The Nigerian Government must step up to augment the efforts of international organizations and display a willingness and capacity to alleviate the plight of children affected by the insurgency. Effective rehabilitation programs must be set up to provide succor for the children, creating an emotional and social environment to facilitate quick recovery from traumatic experiences and ensuring psychosocial and mental health.
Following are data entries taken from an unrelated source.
(* Let $M\in\mathrm{rep}\,G_{m,n}$ be interval-decomposable and $I\in\mathbb{I}_{m,n}$. Then for each $\ast\in\{ss,cc,tot\}$, $$d_M(V_I)=\bar d^\ast_M(I)+\sum_{\emptyset\neq S\subseteq\mathrm{Cov}(I)}(-1)^{\#S}\,\bar d^\ast_M\Big(\bigvee S\Big).$$
   Context: Fix a field $K$. For integers $m,n\ge1$, $G_{m,n}$ is the equioriented commutative $m\times n$ grid: the quiver with vertex set $\{(i,j):1\le i\le m,\ 1\le j\le n\}$ and arrows $(i,j)\to(i,j+1)$ and $(i,j)\to(i+1,j)$, bound by all commutativity relations; $\mathrm{rep}\,G_{m,n}$ is its category of finite-dimensional representations over $K$ satisfying the relations. For an indecomposable $L$, $d_M(L)$ is the multiplicity of $L$ in a Krull–Schmidt decomposition of $M$. An interval of $G_{m,n}$ is a nonempty full subquiver $I$ which is connected (as an undirected graph) and convex (whenever $x,y\in I_0$ and there are paths $x\to z$, $z\to y$ in $G_{m,n}$, then $z\in I_0$); $\mathbb{I}_{m,n}$ is the set of intervals ordered by inclusion of vertex sets. $\mathrm{Cov}(I)$ is the set of intervals covering $I$ in this poset; for $\emptyset\ne S\subseteq\mathrm{Cov}(I)$, $\bigvee S$ is the smallest interval containing all members of $S$ (it exists; it is the join in the poset $\{J:I\le J\}$). The interval representation $V_I$ has $K$ at vertices of $I$, $0$ elsewhere, identity maps on arrows inside $I$ and zero maps otherwise; $M$ is interval-decomposable if it is isomorphic to a direct sum of interval representations. Essential vertices: $I^{ss}_0$ is the set of sources and sinks of the quiver $I$; $I^{cc}_0=I_0\cap(\mathrm{pr}_1(I^{ss}_0)\times\mathrm{pr}_2(I^{ss}_0))$ with $\mathrm{pr}_1,\mathrm{pr}_2$ coordinate projections; $I^{tot}_0=I_0$. Let $KG_{m,n}$ be the $K$-linear category whose objects are the vertices and whose morphisms are $K$-linear combinations of paths modulo the commutativity relations; representations are $K$-linear functors $KG_{m,n}\to\mathrm{vect}_K$. For $\ast\in\{ss,cc,tot\}$, $\mathcal{C}^\ast_I$ is the full subcategory of $KG_{m,n}$ on $I^\ast_0$, and $M^\ast_I:=M|_{\mathcal{C}^\ast_I}$. The compressed multiplicity $\bar d^\ast_M(I)$ is the multiplicity of the indecomposable $(V_I)^\ast_I$ as a direct summand of $M^\ast_I$. *)

From HB Require Import structures.
From mathcomp Require Import all_boot all_order all_algebra.
From Stdlib Require Import ClassicalEpsilon.
Set Implicit Arguments. Unset Strict Implicit. Unset Printing Implicit Defensive.
Import GRing.Theory.
Local Open Scope ring_scope.

(* Vertices of the m x n grid G_{m,n}; vertex (i,j) of the paper is the pair
   of ordinals (i-1, j-1) (0-based indexing). *)
Definition vert (m n : nat) := ('I_m * 'I_n)%type.

Section Grid.
Variables m n : nat.
Implicit Types (x y z : vert m n) (I J : {set vert m n}).

(* There is a path x -> y in G_{m,n} iff x <= y componentwise;
   modulo commutativity, Hom(x,y) in K G_{m,n} is K if gle x y, 0 otherwise. *)
Definition gle x y : bool := ((x.1 <= y.1) && (x.2 <= y.2))%N.

Definition arrow x y : bool :=
  ((x.1 == y.1) && ((x.2).+1 == y.2)%N) || ((x.2 == y.2) && ((x.1).+1 == y.1)%N).

Definition adj x y : bool := arrow x y || arrow y x.

Definition connectedb I : bool :=
  [forall x in I, forall y in I,
     connect (fun a b => [&& a \in I, b \in I & adj a b]) x y].

Definition convexb I : bool :=
  [forall x in I, forall y in I, forall z, (gle x z && gle z y) ==> (z \in I)].

Definition is_interval I : bool := [&& I != set0, connectedb I & convexb I].

Definition Cov I : {set {set vert m n}} :=
  [set J | [&& is_interval J, I \proper J &
     [forall L : {set vert m n}, ~~ [&& is_interval L, I \proper L & L \proper J]]]].

(* the smallest interval containing all members of S (exists when S is a
   nonempty subset of Cov I) *)
Definition bigjoin (S : {set {set vert m n}}) : {set vert m n} :=
  epsilon (inhabits set0) (fun J =>
    is_interval J /\ (forall L, L \in S -> L \subset J) /\
    (forall J', is_interval J' -> (forall L, L \in S -> L \subset J') -> J \subset J')).

Definition is_source I x : bool := (x \in I) && [forall y in I, ~~ arrow y x].
Definition is_sink I x : bool := (x \in I) && [forall y in I, ~~ arrow x y].
Definition ess_ss I : {set vert m n} := [set x | is_source I x || is_sink I x].
Definition ess_cc I : {set vert m n} :=
  [set x in I | (x.1 \in [set y.1 | y in ess_ss I]) &&
                (x.2 \in [set y.2 | y in ess_ss I])].
Definition ess_tot I : {set vert m n} := I.

End Grid.

Inductive ess_kind := SS | CC | TOT.

Definition ess m n (k : ess_kind) (I : {set vert m n}) : {set vert m n} :=
  match k with SS => ess_ss I | CC => ess_cc I | TOT => ess_tot I end.

(* Data of a representation: a finite-dimensional space K^(rdim x) at each
   vertex and a matrix for each pair (x,y) (row-vector convention: v |-> v *m
   rmap x y).  Only the values on the vertex set S of a full subcategory
   C_S of K G_{m,n} and on pairs x <= y matter. *)
Record repd (K : fieldType) (m n : nat) := Repd {
  rdim : vert m n -> nat;
  rmap : forall x y : vert m n, 'M[K]_(rdim x, rdim y) }.

Section Reps.
Variables (K : fieldType) (m n : nat) (S : {set vert m n}).

(* M is a K-linear functor C_S -> vect_K, C_S the full subcategory of K G_{m,n}
   on the vertex set S *)
Definition is_rep (M : repd K m n) : Prop :=
  (forall x, x \in S -> rmap M x x = 1%:M) /\
  (forall x y z, x \in S -> y \in S -> z \in S -> gle x y -> gle y z ->
     rmap M x z = rmap M x y *m rmap M y z).

Definition is_hom (M N : repd K m n) (g : forall x, 'M[K]_(rdim M x, rdim N x)) : Prop :=
  forall x y, x \in S -> y \in S -> gle x y ->
    rmap M x y *m g y = g x *m rmap N x y.

Definition is_iso (M N : repd K m n) : Prop :=
  exists (g : forall x, 'M[K]_(rdim M x, rdim N x))
         (h : forall x, 'M[K]_(rdim N x, rdim M x)),
    is_hom g /\ is_hom h /\
    forall x, x \in S -> g x *m h x = 1%:M /\ h x *m g x = 1%:M.

Definition is_dsum (M : repd K m n) (k : nat) (F : 'I_k -> repd K m n) : Prop :=
  exists (iota : forall i x, 'M[K]_(rdim (F i) x, rdim M x))
         (pi : forall i x, 'M[K]_(rdim M x, rdim (F i) x)),
    (forall i, is_hom (iota i)) /\ (forall i, is_hom (pi i)) /\
    (forall x, x \in S ->
       (forall i, iota i x *m pi i x = 1%:M) /\
       (forall i j, i != j -> iota i x *m pi j x = 0) /\
       \sum_i pi i x *m iota i x = 1%:M).

Definition is_zero (M : repd K m n) : Prop := forall x, x \in S -> rdim M x = 0%N.

Definition indecomposable (M : repd K m n) : Prop :=
  is_rep M /\ ~ is_zero M /\
  forall A B : repd K m n, is_rep A -> is_rep B ->
    is_dsum M (fun i : 'I_2 => if val i == 0%N then A else B) ->
    is_zero A \/ is_zero B.

(* multiplicity of L in a Krull-Schmidt decomposition of M (well defined by
   the Krull-Schmidt theorem; chosen by epsilon) *)
Definition mult (M L : repd K m n) : nat :=
  epsilon (inhabits 0%N) (fun c => exists (k : nat) (F : 'I_k -> repd K m n),
    (forall i, indecomposable (F i)) /\ is_dsum M F /\
    exists s : {set 'I_k}, (forall i, i \in s <-> is_iso (F i) L) /\ c = #|s|).

End Reps.

(* interval representation V_I: K on I, 0 elsewhere, identity maps inside I
   (for x, y not both in I the matrix is empty, hence zero) *)
Definition VI (K : fieldType) m n (I : {set vert m n}) : repd K m n :=
  @Repd K m n (fun x => nat_of_bool (x \in I)) (fun x y => \matrix_(i, j) 1).

Definition interval_decomposable (K : fieldType) m n (M : repd K m n) : Prop :=
  exists (k : nat) (F : 'I_k -> repd K m n), is_dsum setT M F /\
    forall i, exists J, is_interval J /\ is_iso setT (F i) (VI K J).

(* compressed multiplicity: multiplicity of (V_I)^*_I in M^*_I = M|_{C^*_I} *)
Definition cmult (K : fieldType) m n (k : ess_kind) (M : repd K m n)
  (I : {set vert m n}) : nat := mult (ess k I) M (VI K I).

From HB Require Import structures.
From mathcomp Require Import all_boot all_order all_algebra.
From Stdlib Require Import ClassicalEpsilon.
From mathcomp Require Import zify.
From Stdlib Require Import Lia.
Import GRing.Theory.
Local Open Scope ring_scope.
Set Implicit Arguments. Unset Strict Implicit. Unset Printing Implicit Defensive.

(* For a representation L with End(L) = K and L(x0) one-dimensional, the multiplicity of L in
   M is the rank of the trace pairing Hom(L, M) x Hom(M, L) -> K, (u, w) |-> tr (u w)(x0):
   this rank is additive on direct sums, and on an indecomposable F it is 1 or 0 according as
   a composite L -> F -> L can be the identity, i.e. as L is a summand of F, i.e. as F ~ L.
   For M = (+)_i V_(J_i) this gives d_M(V_I) = #{i | J_i = I} and, over the essential
   vertices of I (which contain a source below and a sink above every vertex of I),
   compressed multiplicity #{i | I <= J_i}.  The formula then holds summand by summand by
   inclusion-exclusion over the covers of I: when I < J the covers of I inside J form a
   nonempty set whose nonempty subsets have alternating sum -1, and the join of S lies in J
   exactly when every member of S does. *)

Definition classicb (P : Prop) : bool :=
  if excluded_middle_informative P then true else false.

Lemma classicbP (P : Prop) : reflect P (classicb P).
Proof. by rewrite /classicb; case: excluded_middle_informative => H; constructor. Qed.

Lemma mx_dim0l (K : fieldType) p q (A B : 'M[K]_(p, q)) : p = 0%N -> A = B.
Proof. by move=> Hp; subst p; apply/matrixP => [[]]. Qed.

Lemma mx_dim0r (K : fieldType) p q (A B : 'M[K]_(p, q)) : q = 0%N -> A = B.
Proof. by move=> Hq; subst q; apply/matrixP => i []. Qed.

Lemma mulmx_dim0 (K : fieldType) p q r (A : 'M[K]_(p, q)) (B : 'M[K]_(q, r)) :
  q = 0%N -> A *m B = 0.
Proof. by move=> Hq; subst q; apply/matrixP => i j; rewrite !mxE big_ord0. Qed.

Lemma mx_dim1_scalar (K : fieldType) p (A : 'M[K]_p) : p = 1%N -> A = (\tr A)%:M.
Proof.
move=> Hp; subst p; apply/matrixP => i j.
by rewrite !ord1 /mxtrace big_ord1 !mxE eqxx mulr1n.
Qed.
The rehabilitation programs must be meticulously designed and manned by passionate and experienced child protection experts with track record of excellence to ensure effectiveness. Anything short of this waters down the entire process. It is pertinent to state that proper rehabilitation would cost time and money. The Nigerian Government could partner with International Development Partners and donors to generate funds for the program and commit itself to its sustenance. Nigeria officials are quite notorious when it comes to proper management of funds. The Nigerian Government must work to ensure transparency and accountability to ensure the psychosocial and mental health of conflicted-affected children are not sacrificed on the altar of greed.